Предстояло ещё какое-то переодевание, и Адель, оставив свою провожатую с множеством помощниц, решилась сделать полшага в сторону и осмотреться. Ей было страшно оттого, что она чувствовала себя подавленной и скованной по рукам и ногам, и ещё ей было страшно, потому что когда-то её отсюда выгнали. Простейший человеческий страх, от которого она все эти годы отворачивалась, пряча его за ненавистью. Ненависть тоже была, но испуг одерживал верх, стоило Адель снова ощутить, насколько она здесь одинока. Бесконечная вереница танцующих девушек в венках из ядовитых трав кружилась около главного входа, встречая новоприбывших. Тропу охраняли покорные ведьмам козлы, чьи рога были увиты плющом и цветными лентами. Костры, бесчисленное множество костров тут и там, они все трещали, через них прыгали, на них жарили мясо, сушили мокрую одежду и ворожили — знакомая фигура выступила из пламени, и Адель удивлённо подалась вперёд, думая, что у неё нет знакомых. Оказалось, есть! Она напрочь забыла имя своей соперницы из замка Лавут-Полиньяк, но Марина Ферри ничего не забыла. Подмигнув Адель, она обнажила зубы в ослепительной улыбке и снова куда-то пропала.
— Откуда музыка? — пробормотала Адель, не в силах больше молчать. Когда она говорила, пусть и сама с собой, было не так страшно. Если бы Арман был тут! Но ему, конечно, нельзя: хотя брат мог обернуться девушкой, на ведьминой горе такой обман раскусили бы в один момент.
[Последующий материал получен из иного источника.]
(* Let $\Omega_n=\dfrac{\pi^{n/2}}{\Gamma\left(\frac n2+1\right)}$ for $n\in\mathbb{N}_0$, and for $j\in\mathbb{N}$ let \[ \lambda_j=(-1)^j\left\{2B_{j+1}(1)-B_{j+1}\left(\tfrac12\right)-B_{j+1}\left(\tfrac32\right)\right\}\frac{2^j}{j(j+1)}, \] where $B_m(x)$ are the Bernoulli polynomials. Let $t_0=\frac12$ and let $t_1,t_2,\dots$ be the solution of the infinite system \[ \sum_{j=1}^m(-1)^{j+1}\frac{t_{m-j}}{j}=\lambda_m\qquad(m\in\mathbb{N}). \] Then, as $n\to\infty$, the following asymptotic formula holds: \[ \frac{\Omega_n^2}{\Omega_{n-1}\Omega_{n+1}}\sim\left(1+\frac1n\right)^{\sum_{j=0}^\infty\frac{t_j}{n^j}}. \]
   Context: $\Omega_n$ is the volume of the unit ball in $\mathbb{R}^n$; $\Gamma$ is Euler's gamma function. The Bernoulli polynomials are defined by $\frac{te^{xt}}{e^t-1}=\sum_{m\ge0}B_m(x)\frac{t^m}{m!}$. The formula is understood as an asymptotic expansion: for every $N$, $\ln\frac{\Omega_n^2}{\Omega_{n-1}\Omega_{n+1}}-\ln\left(1+\frac1n\right)\sum_{j=0}^{N}t_jn^{-j}=O(n^{-N-2})$ as $n\to\infty$. *)

From Stdlib Require Import Reals.
From Coquelicot Require Import Coquelicot.
Open Scope R_scope.

Definition Gamma (x : R) : R :=
  RInt_gen (fun t => Rpower t (x - 1) * exp (- t))
           (at_right 0) (Rbar_locally p_infty).

Definition Omega (n : nat) : R :=
  Rpower PI (INR n / 2) / Gamma (INR n / 2 + 1).

(* B is the family of Bernoulli polynomials: t e^(xt)/(e^t - 1) = sum_m B_m(x) t^m/m!
   (the generating function, for 0 < |t| < 1, inside the radius 2 pi). *)
Definition is_bernoulli_polys (B : nat -> R -> R) : Prop :=
  forall x t, t <> 0 -> Rabs t < 1 ->
    is_series (fun m => B m x * t ^ m / INR (Factorial.fact m))
              (t * exp (x * t) / (exp t - 1)).

Definition lambda (B : nat -> R -> R) (j : nat) : R :=
  (-1) ^ j * (2 * B (S j) 1 - B (S j) (1/2) - B (S j) (3/2))
  * 2 ^ j / (INR j * INR (S j)).

Definition is_t_sequence (B : nat -> R -> R) (t : nat -> R) : Prop :=
  t O = 1/2 /\
  forall m : nat, (1 <= m)%nat ->
    sum_n_m (fun j => (-1) ^ (S j) * t (m - j)%nat / INR j) 1 m = lambda B m.

From Stdlib Require Import Reals Lra Lia.
From Stdlib Require Classical_Prop.
From Coquelicot Require Import Coquelicot.
Open Scope R_scope.

(* Let r_n = Omega_n^2 / (Omega_(n-1) Omega_(n+1)) = Gamma(n/2+1/2) Gamma(n/2+3/2) / Gamma(n/2+1)^2.
   The functional equation of Gamma gives r_n r_(n+1) = (n+2)/(n+1) and its log-convexity
   gives r_n >= 1.  With u = 1/n, so that 1/(n+1) = u/(1+u), the sequence f_n = ln r_n
   thus satisfies f_n + f_(n+1) = ln(1+2u) - ln(1+u) and 0 <= f_n <= u.
   The truncated candidate S(u) = ln(1+u) (t_0 + ... + t_K u^K) satisfies the same
   functional equation up to O(u^(K+1)): comparing coefficients, this is the defining system
   of the t_j together with an identity for the lambda_j, which follows from
   (2 G(1,s) - G(1/2,s) - G(3/2,s)) (1 + e^(s/2)) = s (e^(s/2) - e^s) for the Bernoulli
   generating function G(x,s) = s e^(xs) / (e^s - 1).  Finally phi_n = f_n - S(1/n) is the
   alternating sum of the O(n^-(K+1)) defects phi_n + phi_(n+1), hence phi_n = O(n^-K). *)

Fixpoint sum_below (f : nat -> R) (q : nat) : R :=
  match q with O => 0 | S q' => sum_below f q' + f q' end.

Lemma sum_below_ext f g q :
  (forall i, (i < q)%nat -> f i = g i) -> sum_below f q = sum_below g q.
Proof.
  induction q as [|q IH]; intros H; simpl; [reflexivity|].
  rewrite IH, H by first [lia | intros; apply H; lia]. reflexivity.
Qed.

Lemma sum_below_plus f g q :
  sum_below (fun i => f i + g i) q = sum_below f q + sum_below g q.
Proof. induction q as [|q IH]; simpl; [|rewrite IH]; lra. Qed.

Lemma sum_below_scal k f q : sum_below (fun i => k * f i) q = k * sum_below f q.
Proof. induction q as [|q IH]; simpl; [|rewrite IH]; lra. Qed.

Lemma sum_below_shift f q : sum_below f (S q) = f O + sum_below (fun i => f (S i)) q.
Proof.
  induction q as [|q IH]; [simpl; lra|].
  change (sum_below f (S (S q))) with (sum_below f (S q) + f (S q)).
  rewrite IH. simpl. lra.
Qed.

Lemma sum_below_zero f q : (forall i, (i < q)%nat -> f i = 0) -> sum_below f q = 0.
Proof.
  induction q as [|q IH]; intros H; simpl; [reflexivity|].
  rewrite IH, H by first [lia | intros; apply H; lia]. lra.
Qed.

Lemma sum_below_le f g q :
  (forall i, (i < q)%nat -> f i <= g i) -> sum_below f q <= sum_below g q.
Proof.
  induction q as [|q IH]; intros H; simpl; [lra|].
  apply Rplus_le_compat; [apply IH; intros; apply H|apply H]; lia.
Qed.

Lemma sum_below_abs f q : Rabs (sum_below f q) <= sum_below (fun i => Rabs (f i)) q.
Proof.
  induction q as [|q IH]; simpl; [rewrite Rabs_R0; lra|].
  eapply Rle_trans; [apply Rabs_triang|lra].
Qed.

Lemma sum_below_nonneg f q : (forall i, 0 <= f i) -> 0 <= sum_below f q.
Proof.
  intros H. rewrite <- (sum_below_zero (fun _ => 0) q) by reflexivity.
  apply sum_below_le. auto.
Qed.

Lemma sum_below_ge_term f q i :
  (forall i, 0 <= f i) -> (i < q)%nat -> f i <= sum_below f q.
Proof.
  intros H. induction q as [|q IH]; intros Hi; [lia|]. simpl.
  destruct (Nat.eq_dec i q) as [->|Hne].
  - pose proof (sum_below_nonneg f q H). lra.
  - pose proof (H q). assert (f i <= sum_below f q) by (apply IH; lia). lra.
Qed.

Lemma sum_below_trunc f q r :
  (q <= r)%nat -> (forall i, (q <= i < r)%nat -> f i = 0) -> sum_below f r = sum_below f q.
Proof.
  induction r as [|r IH]; intros Hq H; [replace q with O by lia; reflexivity|].
  destruct (Nat.eq_dec q (S r)) as [->|Hn]; [reflexivity|].
  simpl. rewrite H, IH by (lia || (intros; apply H; lia)). ring.
Qed.

Lemma sum_n_sum_below (f : nat -> R) N : sum_n f N = sum_below f (S N).
Proof.
  induction N as [|N IH]; [rewrite sum_O; simpl; ring|].
  rewrite sum_Sn, IH. reflexivity.
Qed.

Lemma sum_n_m_sum_below (f : nat -> R) m : sum_n_m f 1 m = sum_below (fun j => f (S j)) m.
Proof.
  induction m as [|m IH]; [rewrite sum_n_m_zero by lia; reflexivity|].
  rewrite sum_n_Sm, IH by lia. reflexivity.
Qed.

Definition polyval (c : nat -> R) (p : nat) (u : R) : R := sum_below (fun m => c m * u ^ m) p.

Lemma polyval_S c p u : polyval c (S p) u = c O + u * polyval (fun i => c (S i)) p u.
Proof.
  unfold polyval. rewrite sum_below_shift, <- sum_below_scal. simpl.
  rewrite Rmult_1_r. f_equal. apply sum_below_ext. intros. ring.
Qed.

Lemma polyval_at0 c q : polyval c (S q) 0 = c O.
Proof. rewrite polyval_S. ring. Qed.

Lemma polyval_scale c q a u : polyval c q (a * u) = polyval (fun m => c m * a ^ m) q u.
Proof. apply sum_below_ext. intros. rewrite Rpow_mult_distr. ring. Qed.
— Вон там играют, — ответил тоненький голосок снизу, от плеча. Адель запоздало вспомнила, что она всё-таки не одна: Катаржина, старшая дочь пани Эльжбеты, похожая одновременно на Милоша и на Лауру, стояла рядом. Ей было страшно, но больше интересно: Катка теребила распущенные волосы и заглядывалась на окружающих, не решаясь, впрочем, подойти. Пока маму переодевали во что-то более подобающее, она прицепилась к Адель. — Видишь?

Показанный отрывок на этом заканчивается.